(* Since G_B is closed under composition, it suffices to show that every
   adjacent transposition sigma_(i) lies in G_B: a permutation tau agrees on
   {0,...,m-1} with a finite product of adjacent transpositions (move each
   tau(k) into place by a chain of swaps above k), and the inverse of such an
   approximation then agrees with tau^-1 on any prescribed finite set.

   For sigma_(i) we take a bi-immune set A disjoint from {0,...,i} and put
   B = A u {i}; then sigma_B = sigma_(i) o sigma_A, so sigma_(i) = sigma_B o
   sigma_A^-1.  The file therefore establishes, in order:
   (1) elementary facts on the swaps sigma_(i);
   (2) sigma_A exists, with an inverse, when N - A is infinite;
   (3) a set C splitting every infinite c.e. set (a diagonal construction over
       an enumeration of all programs), so that every finite variant of C is
       bi-immune;
   (4) sigma_(i) in G_B, then all finite products of swaps; (5) the theorem. *)

(* Case analysis on the [Nat.eqb] tests of the goal, innermost first (a test
   whose argument still contains a conditional is postponed). *)
Ltac case_eqb :=
  repeat (match goal with
          | |- context [Nat.eqb ?a ?b] =>
              lazymatch a with
              | context [if _ then _ else _] => fail
              | _ => destruct (Nat.eqb_spec a b)
              end
          end; cbn beta iota);
  try lia.

Lemma swap_invol i x : swap i (swap i x) = x.
Proof. unfold swap; case_eqb. Qed.

Lemma swap_below i x : x < i -> swap i x = x.
Proof. intro; unfold swap; case_eqb. Qed.

Lemma swap_above i x : S i < x -> swap i x = x.
Proof. intro; unfold swap; case_eqb. Qed.

Lemma swap_le i x : x <= S i -> swap i x <= S i.
Proof. intro; unfold swap; case_eqb. Qed.

Lemma swap_self i : swap i i = S i.
Proof. unfold swap; case_eqb. Qed.

Fixpoint partial_prod_inv (A : nat -> bool) (N : nat) : nat -> nat :=
  match N with
  | 0 => if A 0 then swap 0 else (fun x => x)
  | S M => if A (S M) then (fun x => swap (S M) (partial_prod_inv A M x))
           else partial_prod_inv A M
  end.

Lemma partial_prod_inverses A N : inverses (partial_prod A N) (partial_prod_inv A N).
Proof.
  induction N as [|N [IH1 IH2]]; simpl.
  - destruct (A 0); split; intro; auto using swap_invol.
  - destruct (A (S N)); split; intro x; simpl; auto.
    + rewrite swap_invol; apply IH1.
    + rewrite IH2; apply swap_invol.
Qed.

(* [partial_prod A N x] no longer changes once [N >= x]: later swaps act
   above [x] and are applied first. *)
Lemma partial_prod_stable A N x : x <= N -> partial_prod A N x = partial_prod A x x.
Proof.
  induction N as [|N IH]; intro HxN.
  - replace x with 0 by lia; reflexivity.
  - destruct (Nat.eq_dec x (S N)) as [->|Hne]; [reflexivity|].
    simpl; destruct (A (S N)); rewrite <- IH by lia; try reflexivity.
    rewrite swap_below by lia; reflexivity.
Qed.

Lemma partial_prod_inv_above A M x : S M < x -> partial_prod_inv A M x = x.
Proof.
  induction M as [|M IH]; intro Hx; simpl.
  - destruct (A 0); auto; apply swap_above; lia.
  - destruct (A (S M)); rewrite IH by lia; auto; apply swap_above; lia.
Qed.

Lemma partial_prod_inv_le A M x : x <= S M -> partial_prod_inv A M x <= S M.
Proof.
  induction M as [|M IH]; intro Hx; simpl.
  - destruct (A 0); auto; apply swap_le; lia.
  - assert (Hle : partial_prod_inv A M x <= S (S M)).
    { destruct (Nat.eq_dec x (S (S M))) as [->|Hne].
      - rewrite partial_prod_inv_above; lia.
      - specialize (IH ltac:(lia)); lia. }
    destruct (A (S M)); [apply swap_le|]; exact Hle.
Qed.

(* Once a point [c > y] outside [A] is passed, [partial_prod_inv A N y] no
   longer changes: the image stays below [c] and later swaps act above it. *)
Lemma partial_prod_inv_stable A c y N :
  A c = false -> y < c -> c <= N -> partial_prod_inv A N y = partial_prod_inv A c y.
Proof.
  intros Hc Hy HcN; induction HcN as [|N HcN IH]; [reflexivity|].
  assert (Hlt : partial_prod_inv A c y <= c).
  { destruct c as [|c]; [lia|]. simpl; rewrite Hc. apply partial_prod_inv_le; lia. }
  simpl; destruct (A (S N)); rewrite IH; auto. apply swap_below; lia.
Qed.

Lemma sigma_exists A : (forall m, exists c, m < c /\ A c = false) ->
  exists s s', is_sigma A s /\ inverses s s'.
Proof.
  intro HA.
  set (zero_above := fun y => epsilon (inhabits 0) (fun c => y < c /\ A c = false)).
  assert (Hzero : forall y, y < zero_above y /\ A (zero_above y) = false)
    by (intro y; apply (epsilon_spec (inhabits 0)), HA).
  set (s' := fun y => partial_prod_inv A (zero_above y) y).
  assert (Hs' : forall y N, zero_above y <= N -> partial_prod_inv A N y = s' y).
  { intros y N HN. apply partial_prod_inv_stable; apply Hzero || exact HN. }
  exists (fun x => partial_prod A x x), s'.
  split; [|split].
  - intro x; exists x; intros; apply partial_prod_stable; auto.
  - intro y. set (N := Nat.max (s' y) (zero_above y)).
    rewrite <- (partial_prod_stable A N) by lia.
    rewrite <- (Hs' y N) by lia. apply partial_prod_inverses.
  - intro x. set (N := Nat.max x (zero_above (partial_prod A x x))).
    rewrite <- (Hs' _ N) by lia.
    rewrite <- (partial_prod_stable A N x) by lia. apply partial_prod_inverses.
Qed.

Lemma partial_prod_empty A N x : (forall j, j <= N -> A j = false) -> partial_prod A N x = x.
Proof.
  revert x; induction N as [|N IH]; intros x HA; simpl.
  - rewrite HA by lia; reflexivity.
  - rewrite HA by lia. apply IH; intros; apply HA; lia.
Qed.

Lemma partial_prod_add_min A B i :
  (forall j, j <= i -> A j = false) -> B i = true -> (forall j, j <> i -> B j = A j) ->
  forall N x, i <= N -> partial_prod B N x = swap i (partial_prod A N x).
Proof.
  intros HA HBi HB N; induction N as [|N IH]; intros x HN.
  - replace i with 0 in * by lia. simpl. rewrite HBi, HA; auto.
  - destruct (Nat.eq_dec i (S N)) as [->|Hne]; simpl.
    + rewrite HBi, HA by lia.
      rewrite !partial_prod_empty; auto;
        intros j Hj; try rewrite HB by lia; apply HA; lia.
    + rewrite HB by lia. destruct (A (S N)); apply IH; lia.
Qed.

Lemma enumeration_from_code (T : Type) (t0 : T) (code : T -> nat) :
  (forall t u, code t = code u -> t = u) ->
  exists e : nat -> T, forall t m, exists k, m <= k /\ e k = t.
Proof.
  intro Hinj.
  exists (fun k => epsilon (inhabits t0) (fun t => code t = fst (of_nat k))).
  intros t m. exists (to_nat (code t, m)). split.
  - pose proof (to_nat_non_decreasing (code t) m); lia.
  - apply Hinj.
    rewrite (epsilon_spec (inhabits t0) (fun u => code u = fst (of_nat _)))
      by (exists t; rewrite cancel_of_to; reflexivity).
    rewrite cancel_of_to; reflexivity.
Qed.
(* Registers are numbered by instruction order; operands refer to registers. *)
Inductive instr : Type :=
  | IInput of nat
  | IOracle of nat
  | IConst of R
  | IAdd of nat & nat
  | ISub of nat & nat
  | IMul of nat & nat
  | IDiv of nat & nat.

Definition exec_instr (L : nat) (f : nat -> R) (x : 'cV[R]_L)
  (regs : seq R) (c : instr) : R :=
  let rd k := nth 0 regs k in
  match c with
  | IInput k => if insub k is Some k' then x k' ord0 else 0
  | IOracle k => f k
  | IConst a => a
  | IAdd a b => rd a + rd b
  | ISub a b => rd a - rd b
  | IMul a b => rd a * rd b
  | IDiv a b => rd a / rd b
  end.

Definition run (L : nat) (f : nat -> R) (x : 'cV[R]_L) (p : seq instr) : seq R :=
  foldl (fun regs c => rcons regs (exec_instr f x regs c)) [::] p.

Record program (L : nat) := Program {
  instrs : seq instr;
  outreg : 'I_L -> nat
}.

Definition prog_size (L : nat) (P : program L) : nat := size (instrs P).

Definition prog_eval (L : nat) (P : program L) (f : nat -> R) (x : 'cV[R]_L)
  : 'cV[R]_L :=
  \col_i nth 0 (run f x (instrs P)) (outreg P i).

Definition dist_matrix (L : nat) (e : rel 'I_L) (f : nat -> R) : 'M[R]_L :=
  \matrix_(i, j) f (dist e i j).
(* For a liner $X$ the following are equivalent: (1) $X$ is modular; (2) $X$ is strongly regular; (3) $X$ contains no two disjoint coplanar lines.
   Context: A liner is a set $X$ of points with a family of subsets called lines such that any two distinct points lie in a unique line and every line contains at least two points. For distinct $x,y$, $\overline{xy}$ is the line through them. A set is flat if it contains $\overline{xy}$ for all its distinct points $x,y$; $\overline A$ is the smallest flat containing $A$. The rank $\|A\|$ is the smallest cardinality of $B\subseteq X$ with $A\subseteq\overline B$. A plane is a flat of rank $3$; two lines are coplanar if both are contained in some plane. $X$ is modular if $\|A\cap B\|+\|A\cup B\|=\|A\|+\|B\|$ for all flats $A,B\subseteq X$. $X$ is strongly regular if for every nonempty flat $A\subseteq X$ and point $b\in X\setminus A$ we have $\overline{A\cup\{b\}}=\bigcup_{a\in A}\overline{ab}$. *)

From Stdlib Require Import Classical.

Set Implicit Arguments.

Section Liners.
Variable X : Type.
Variable L : (X -> Prop) -> Prop.

Definition is_liner : Prop :=
  (forall l, L l -> exists x y, x <> y /\ l x /\ l y) /\
  (forall x y, x <> y -> exists l, L l /\ l x /\ l y /\
     forall l', L l' -> l' x -> l' y -> forall z, l' z <-> l z).

(* the line through x and y (meaningful for x <> y) *)
Definition line (x y : X) : X -> Prop :=
  fun z => exists l, L l /\ l x /\ l y /\ l z.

## AIM OF THE TASK
Reproduce the lines of the entries above from the one with "- destruct (A (S M));" to the one with "Lemma sigma_exists A", both included, exactly and without any other line.

## REPLY
  - destruct (A (S M)); rewrite IH by lia; auto; apply swap_above; lia.
Qed.

Lemma partial_prod_inv_le A M x : x <= S M -> partial_prod_inv A M x <= S M.
Proof.
  induction M as [|M IH]; intro Hx; simpl.
  - destruct (A 0); auto; apply swap_le; lia.
  - assert (Hle : partial_prod_inv A M x <= S (S M)).
    { destruct (Nat.eq_dec x (S (S M))) as [->|Hne].
      - rewrite partial_prod_inv_above; lia.
      - specialize (IH ltac:(lia)); lia. }
    destruct (A (S M)); [apply swap_le|]; exact Hle.
Qed.

(* Once a point [c > y] outside [A] is passed, [partial_prod_inv A N y] no
   longer changes: the image stays below [c] and later swaps act above it. *)
Lemma partial_prod_inv_stable A c y N :
  A c = false -> y < c -> c <= N -> partial_prod_inv A N y = partial_prod_inv A c y.
Proof.
  intros Hc Hy HcN; induction HcN as [|N HcN IH]; [reflexivity|].
  assert (Hlt : partial_prod_inv A c y <= c).
  { destruct c as [|c]; [lia|]. simpl; rewrite Hc. apply partial_prod_inv_le; lia. }
  simpl; destruct (A (S N)); rewrite IH; auto. apply swap_below; lia.
Qed.

Lemma sigma_exists A : (forall m, exists c, m < c /\ A c = false) ->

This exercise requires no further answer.